Supplied entries Start Marker
Section WrappedGroundAnswers.
Variables (Lname F : eqType) (Vname C : Type).
Variables (M : seq (mapping Lname F Vname)) (extD : Vname -> seq (seq C)) (q : cq Lname).

Lemma ground_answer_wrap ms t :
  List.Forall (fun m => List.In m M) ms -> ground_answer (base_ext extD) q ms t ->
  exists2 ms', List.Forall (fun m => List.In m (wrapM M)) ms' &
    ground_answer (wrap_ext extD M) q ms' t.
Proof.
move=> Hms [nu [gq [Hsz [Hf [Hb Ht]]]]].
exists (map (fun m => wrap_map (sign m)) ms).
  apply/List.Forall_forall => _ /List.in_map_iff [m [<- Hm]].
  by apply/wrap_map_In/(proj1 (List.Forall_forall _ _) Hms).
(* wrap_map (sign m) numbers the target variables of m consecutively *)
pose vals i (m : mapping Lname F Vname) := map (fun y => nu (i.+1, y)) (flatten (map snd (mts m))).
pose nu' (w : var) :=
  if List.nth_error ms w.1.-1 is Some m then nth (nu (0, 0)) (vals w.1.-1 m) w.2 else nu w.
have Evals i m : List.nth_error ms i = Some m ->
    map (fun k => nu' (i.+1, k)) (iota 0 (sumn (map snd (term_shape (mts m))))) = vals i m.
  move=> Hm; rewrite sumn_term_shape /nu' /= Hm -(size_map (fun y => nu (i.+1, y))).
  exact: mkseq_nth.
exists nu', gq; split; first by rewrite size_map.
split; [|split] => //.
- move=> i L vs m' Hq Hm'; have [m Hm ->] := nth_error_map_inv Hm'.
  have [HL HF] := Hf _ _ _ _ Hq Hm; split=> //.
  apply: Forall2_compose HF (List.Forall2_flip (canon_ts_match (Evals i m Hm))).
  move=> v p p' -> [-> E]; congr VF.
  by have := congr1 (map (@VC F C)) E; rewrite -!map_comp.
- move=> i m' Hm'; have [m Hm ->] := nth_error_map_inv Hm'.
  exists m; split; first exact: (proj1 (List.Forall_forall _ _) Hms m (List.nth_error_In _ _ Hm)).
  by split=> //; exists (fun y => nu (i.+1, y)); split; [exact: Hb Hm | rewrite Evals].
Qed.

Lemma ground_answer_unwrap ms' t :
  List.Forall (fun m => List.In m (wrapM M)) ms' ->
  ground_answer (wrap_ext extD M) q ms' t ->
  exists2 ms, List.Forall (fun m => List.In m M) ms & ground_answer (base_ext extD) q ms t.
Proof.
move=> Hms' [nu' [gq [Hsz [Hf [Hb Ht]]]]].
pose unwraps i (m' : mapping Lname F (signature Lname F))
    (x : mapping Lname F Vname * (nat -> C)) :=
  [/\ List.In x.1 M, sign x.1 = mV m', List.In (map x.2 (mzs x.1)) (extD (mV x.1))
    & map (fun k => nu' (i.+1, k)) (mzs m') = map x.2 (flatten (map snd (mts x.1)))].
have [xs [Hxs_size Hxs]] := nth_error_choice (P := unwraps) (l := ms') (fun i m' Hm' =>
  let: ex_intro m (conj HmM (conj Hsg (ex_intro f (conj Hext Heq)))) := Hb i m' Hm' in
  ex_intro _ (m, f) (And4 HmM Hsg Hext Heq)).
pose nu (w : var) :=
  if w is (i.+1, y) then (if List.nth_error xs i is Some x then x.2 y else nu' w) else nu' w.
have Hget i m : List.nth_error (map fst xs) i = Some m ->
    exists m' f, [/\ List.nth_error ms' i = Some m', List.nth_error xs i = Some (m, f)
      & unwraps i m' (m, f)].
  move=> Hm; have [[m0 f] Hx /= Em] := nth_error_map_inv Hm; subst m0.
  have [m' Hm'] := nth_error_same_size Hxs_size Hx.
  by exists m', f; split=> //; apply: Hxs Hm' Hx.
exists (map fst xs).
  by apply: Forall_of_nth_error => i m /Hget [m' [f [_ _ []]]].
exists nu, gq; split; first by rewrite size_map Hxs_size.
split; [|split] => //.
- move=> i L vs m Hq /Hget [m' [f [Hm' Hx [_ Hsg _ Heq]]]].
  have Ew : m' = wrap_map (sign m).
    rewrite Hsg; apply: wrapM_wrap_map.
    exact: (proj1 (List.Forall_forall _ _) Hms') _ (List.nth_error_In _ _ Hm').
  have [HL HF] := Hf _ _ _ _ Hq Hm'; rewrite Ew in HL HF Heq; split=> //.
  apply: Forall2_compose HF (canon_ts_match Heq) => v p' p -> [-> E]; congr VF.
  by have := congr1 (map (@VC F C)) E; rewrite -!map_comp /nu /= Hx.
- move=> i m /Hget [m' [f [_ Hx [_ _ Hext _]]]].
  by rewrite /base_ext /nu /= Hx.
Qed.

Lemma unfolding_wrapM_ans PiM PiW t :
  safe_mappings M -> safe_head q ->
  is_unfolding q M PiM -> is_unfolding q (wrapM M) PiW ->
  prog_ans (base_ext extD) PiM t <-> prog_ans (wrap_ext extD M) PiW t.
Proof.
move=> HM Hhead HPiM HPiW.
rewrite (unfolding_ans_ground _ _ HPiM HM Hhead).
rewrite (unfolding_ans_ground _ _ HPiW (@safe_wrapM _ _ _ M) Hhead).
by split=> -[ms Hms Hg]; [apply: ground_answer_wrap Hms Hg | apply: ground_answer_unwrap Hms Hg].
Qed.

End WrappedGroundAnswers.

Section Objects.
Variables (Lname F VT C : Type).

(* The object p(nu) built from a tuple c = nu(z) of the view of m; the
   empty-tuple case is junk, and never arises for a safe mapping with p
   having arguments. *)
Definition mapping_object (m : mapping Lname F VT) (c : seq C) (p : F * seq nat) :
    Defs.val F C :=
  if c is c0 :: _ then VF p.1 (map (fun y => VC (nth c0 c (index y (mzs m)))) p.2)
  else VF p.1 [::].

Lemma mapping_object_map (m : mapping Lname F VT) (nu : nat -> C) p :
  (forall y, List.In y p.2 -> List.In y (mzs m)) ->
  mapping_object m (map nu (mzs m)) p = VF p.1 (map (fun y => VC (nu y)) p.2).
Proof.
rewrite /mapping_object; case E: (mzs m) => [|z zs] Hp.
  by case: p Hp => g [|y ys] // /(_ y (or_introl erefl)).
congr VF; apply: List.map_ext_in => y /Hp /In_mem Hy.
by rewrite (nth_map y) ?index_mem ?nth_index.
Qed.

Definition objects (M : seq (mapping Lname F VT)) (extD : VT -> seq (seq C)) :=
  List.flat_map (fun m => List.flat_map (fun c => map (mapping_object m c) (mts m))
    (extD (mV m))) M.

Lemma ground_answer_objects (M : seq (mapping Lname F VT)) extD q ms t :
  safe_mappings M -> safe_head q -> List.Forall (fun m => List.In m M) ms ->
  ground_answer (base_ext extD) q ms t ->
  List.In t (seqs_over (objects M extD) (size (qhead q))).
Proof.
move=> HM Hhead Hms [nu [gq [Hsz [Hf [Hb ->]]]]].
rewrite -(size_map gq); apply: seqs_over_complete => _ /List.in_map_iff [x [<- Hx]].
have [L [vs [/(List.In_nth_error _ _) [i Hq] Hxv]]] := Hhead x Hx.
have [m Hm] := nth_error_same_size (esym Hsz) Hq.
have [_ HF] := Hf _ _ _ _ Hq Hm; have [p Hp ->] := Forall2_in_left HF Hxv.
have HmM := proj1 (List.Forall_forall _ _) Hms m (List.nth_error_In _ _ Hm).
apply/List.in_flat_map; exists m; split=> //.
apply/List.in_flat_map; exists (map (fun z => nu (i.+1, z)) (mzs m)); split; first exact: Hb.
apply/List.in_map_iff; exists p; split=> //.
by rewrite mapping_object_map //; apply: HM.
Qed.

End Objects.

Definition val_sym (F C : Type) (v : Defs.val F C) : option F :=
  if v is VF g _ then Some g else None.

Lemma rule_ans_head_sym (F VT C : Type) (ext : VT -> seq C -> Prop) (r : rule F VT) t :
  rule_ans ext r t -> map (@head_sym F) (rhead r) = map (@val_sym F C) t.
Proof. by move=> [nu [_ ->]]; rewrite -map_comp; apply: eq_map => -[]. Qed.

Unset Implicit Arguments.
Set Strict Implicit.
Supplied entries End Marker
**Problem to work on**
Show all lines above holding the word "Hext".

**Written solution**
  let: ex_intro m (conj HmM (conj Hsg (ex_intro f (conj Hext Heq)))) := Hb i m' Hm' in
  ex_intro _ (m, f) (And4 HmM Hsg Hext Heq)).
- move=> i m /Hget [m' [f [_ Hx [_ _ Hext _]]]].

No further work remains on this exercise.